ACTIVITY: Only the lines below, from the one with "let w := nth a s i.+1 in" through the one with "z is a parent", are to be written out, exactly.
········
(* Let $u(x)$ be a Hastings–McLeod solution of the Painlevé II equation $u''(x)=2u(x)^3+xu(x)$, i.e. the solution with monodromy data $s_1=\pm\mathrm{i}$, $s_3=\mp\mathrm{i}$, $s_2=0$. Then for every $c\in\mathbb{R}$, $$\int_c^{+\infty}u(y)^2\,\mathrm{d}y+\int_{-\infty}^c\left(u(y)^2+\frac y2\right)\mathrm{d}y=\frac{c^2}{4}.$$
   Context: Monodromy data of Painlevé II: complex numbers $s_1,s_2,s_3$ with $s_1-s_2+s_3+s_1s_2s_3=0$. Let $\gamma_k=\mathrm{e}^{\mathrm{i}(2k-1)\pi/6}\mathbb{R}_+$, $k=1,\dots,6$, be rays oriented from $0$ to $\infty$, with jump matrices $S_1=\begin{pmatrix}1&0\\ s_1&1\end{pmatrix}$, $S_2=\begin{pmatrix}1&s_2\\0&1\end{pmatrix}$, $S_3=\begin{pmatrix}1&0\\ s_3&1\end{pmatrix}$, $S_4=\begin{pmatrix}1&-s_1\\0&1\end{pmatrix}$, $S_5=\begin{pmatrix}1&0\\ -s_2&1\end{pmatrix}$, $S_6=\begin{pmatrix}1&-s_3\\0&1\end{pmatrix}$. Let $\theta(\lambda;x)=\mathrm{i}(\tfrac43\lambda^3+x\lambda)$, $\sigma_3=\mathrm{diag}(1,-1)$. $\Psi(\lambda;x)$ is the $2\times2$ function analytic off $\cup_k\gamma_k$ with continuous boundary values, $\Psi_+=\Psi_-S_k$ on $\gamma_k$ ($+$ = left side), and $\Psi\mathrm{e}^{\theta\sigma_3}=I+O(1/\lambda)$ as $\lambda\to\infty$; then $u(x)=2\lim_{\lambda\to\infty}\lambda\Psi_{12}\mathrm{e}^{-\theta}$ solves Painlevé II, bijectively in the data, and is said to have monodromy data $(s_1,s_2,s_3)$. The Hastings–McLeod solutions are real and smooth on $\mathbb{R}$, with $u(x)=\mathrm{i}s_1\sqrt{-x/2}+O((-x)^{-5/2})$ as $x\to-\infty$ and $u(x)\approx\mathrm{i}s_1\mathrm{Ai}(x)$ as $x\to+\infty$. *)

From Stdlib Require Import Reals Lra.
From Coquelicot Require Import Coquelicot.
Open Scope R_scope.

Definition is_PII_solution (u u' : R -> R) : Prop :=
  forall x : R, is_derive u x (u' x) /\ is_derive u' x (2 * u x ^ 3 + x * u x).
········
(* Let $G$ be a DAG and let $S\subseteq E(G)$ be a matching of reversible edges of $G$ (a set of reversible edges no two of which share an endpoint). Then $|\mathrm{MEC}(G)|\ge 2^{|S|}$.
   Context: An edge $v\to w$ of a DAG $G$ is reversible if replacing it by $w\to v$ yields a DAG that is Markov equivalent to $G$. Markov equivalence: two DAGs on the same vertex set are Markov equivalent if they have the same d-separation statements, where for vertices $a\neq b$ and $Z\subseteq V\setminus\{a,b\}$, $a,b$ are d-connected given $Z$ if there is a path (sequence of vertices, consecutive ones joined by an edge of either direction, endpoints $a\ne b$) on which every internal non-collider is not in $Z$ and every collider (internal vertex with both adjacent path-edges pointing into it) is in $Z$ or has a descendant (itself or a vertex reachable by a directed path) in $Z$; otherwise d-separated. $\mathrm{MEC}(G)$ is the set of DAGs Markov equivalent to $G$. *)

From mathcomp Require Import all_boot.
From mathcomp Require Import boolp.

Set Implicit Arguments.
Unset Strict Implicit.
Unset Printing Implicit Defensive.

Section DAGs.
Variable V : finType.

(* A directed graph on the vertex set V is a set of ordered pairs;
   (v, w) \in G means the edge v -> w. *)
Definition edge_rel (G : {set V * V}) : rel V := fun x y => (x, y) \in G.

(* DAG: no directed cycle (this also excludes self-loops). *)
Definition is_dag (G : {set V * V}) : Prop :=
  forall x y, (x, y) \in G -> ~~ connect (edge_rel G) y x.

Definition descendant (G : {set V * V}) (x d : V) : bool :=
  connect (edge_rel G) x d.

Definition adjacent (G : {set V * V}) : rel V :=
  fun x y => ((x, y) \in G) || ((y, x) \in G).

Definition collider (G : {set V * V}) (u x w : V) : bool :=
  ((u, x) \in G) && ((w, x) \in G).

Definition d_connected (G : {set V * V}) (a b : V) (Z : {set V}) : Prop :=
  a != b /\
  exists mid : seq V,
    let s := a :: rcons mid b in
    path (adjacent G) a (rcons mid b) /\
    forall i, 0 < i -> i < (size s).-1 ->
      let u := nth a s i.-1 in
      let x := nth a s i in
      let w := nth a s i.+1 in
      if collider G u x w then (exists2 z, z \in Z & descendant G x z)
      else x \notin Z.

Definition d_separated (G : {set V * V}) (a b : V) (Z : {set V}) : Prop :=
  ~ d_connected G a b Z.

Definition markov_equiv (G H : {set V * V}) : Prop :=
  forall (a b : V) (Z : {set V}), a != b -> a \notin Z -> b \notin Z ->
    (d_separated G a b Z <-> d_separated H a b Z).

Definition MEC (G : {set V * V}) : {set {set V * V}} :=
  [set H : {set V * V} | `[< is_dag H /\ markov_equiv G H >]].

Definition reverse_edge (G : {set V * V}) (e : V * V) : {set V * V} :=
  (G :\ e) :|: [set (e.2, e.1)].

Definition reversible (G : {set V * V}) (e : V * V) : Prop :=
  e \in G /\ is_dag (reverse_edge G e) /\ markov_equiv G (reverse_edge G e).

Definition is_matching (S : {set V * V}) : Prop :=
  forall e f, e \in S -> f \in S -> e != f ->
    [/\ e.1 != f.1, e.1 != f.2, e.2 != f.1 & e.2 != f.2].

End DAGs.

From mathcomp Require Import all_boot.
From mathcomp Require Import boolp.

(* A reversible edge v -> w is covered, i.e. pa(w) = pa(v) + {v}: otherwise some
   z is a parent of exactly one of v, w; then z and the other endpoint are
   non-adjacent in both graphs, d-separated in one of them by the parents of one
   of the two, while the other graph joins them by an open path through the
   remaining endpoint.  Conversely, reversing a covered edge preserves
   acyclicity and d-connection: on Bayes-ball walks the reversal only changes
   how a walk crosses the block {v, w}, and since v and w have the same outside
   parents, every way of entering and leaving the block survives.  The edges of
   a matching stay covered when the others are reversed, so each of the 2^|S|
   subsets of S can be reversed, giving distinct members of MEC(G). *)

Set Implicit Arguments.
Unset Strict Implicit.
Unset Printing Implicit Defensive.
········
RESPONSE AREA:
      let w := nth a s i.+1 in
      if collider G u x w then (exists2 z, z \in Z & descendant G x z)
      else x \notin Z.

Definition d_separated (G : {set V * V}) (a b : V) (Z : {set V}) : Prop :=
  ~ d_connected G a b Z.

Definition markov_equiv (G H : {set V * V}) : Prop :=
  forall (a b : V) (Z : {set V}), a != b -> a \notin Z -> b \notin Z ->
    (d_separated G a b Z <-> d_separated H a b Z).

Definition MEC (G : {set V * V}) : {set {set V * V}} :=
  [set H : {set V * V} | `[< is_dag H /\ markov_equiv G H >]].

Definition reverse_edge (G : {set V * V}) (e : V * V) : {set V * V} :=
  (G :\ e) :|: [set (e.2, e.1)].

Definition reversible (G : {set V * V}) (e : V * V) : Prop :=
  e \in G /\ is_dag (reverse_edge G e) /\ markov_equiv G (reverse_edge G e).

Definition is_matching (S : {set V * V}) : Prop :=
  forall e f, e \in S -> f \in S -> e != f ->
    [/\ e.1 != f.1, e.1 != f.2, e.2 != f.1 & e.2 != f.2].

End DAGs.

From mathcomp Require Import all_boot.
From mathcomp Require Import boolp.

(* A reversible edge v -> w is covered, i.e. pa(w) = pa(v) + {v}: otherwise some
   z is a parent of exactly one of v, w; then z and the other endpoint are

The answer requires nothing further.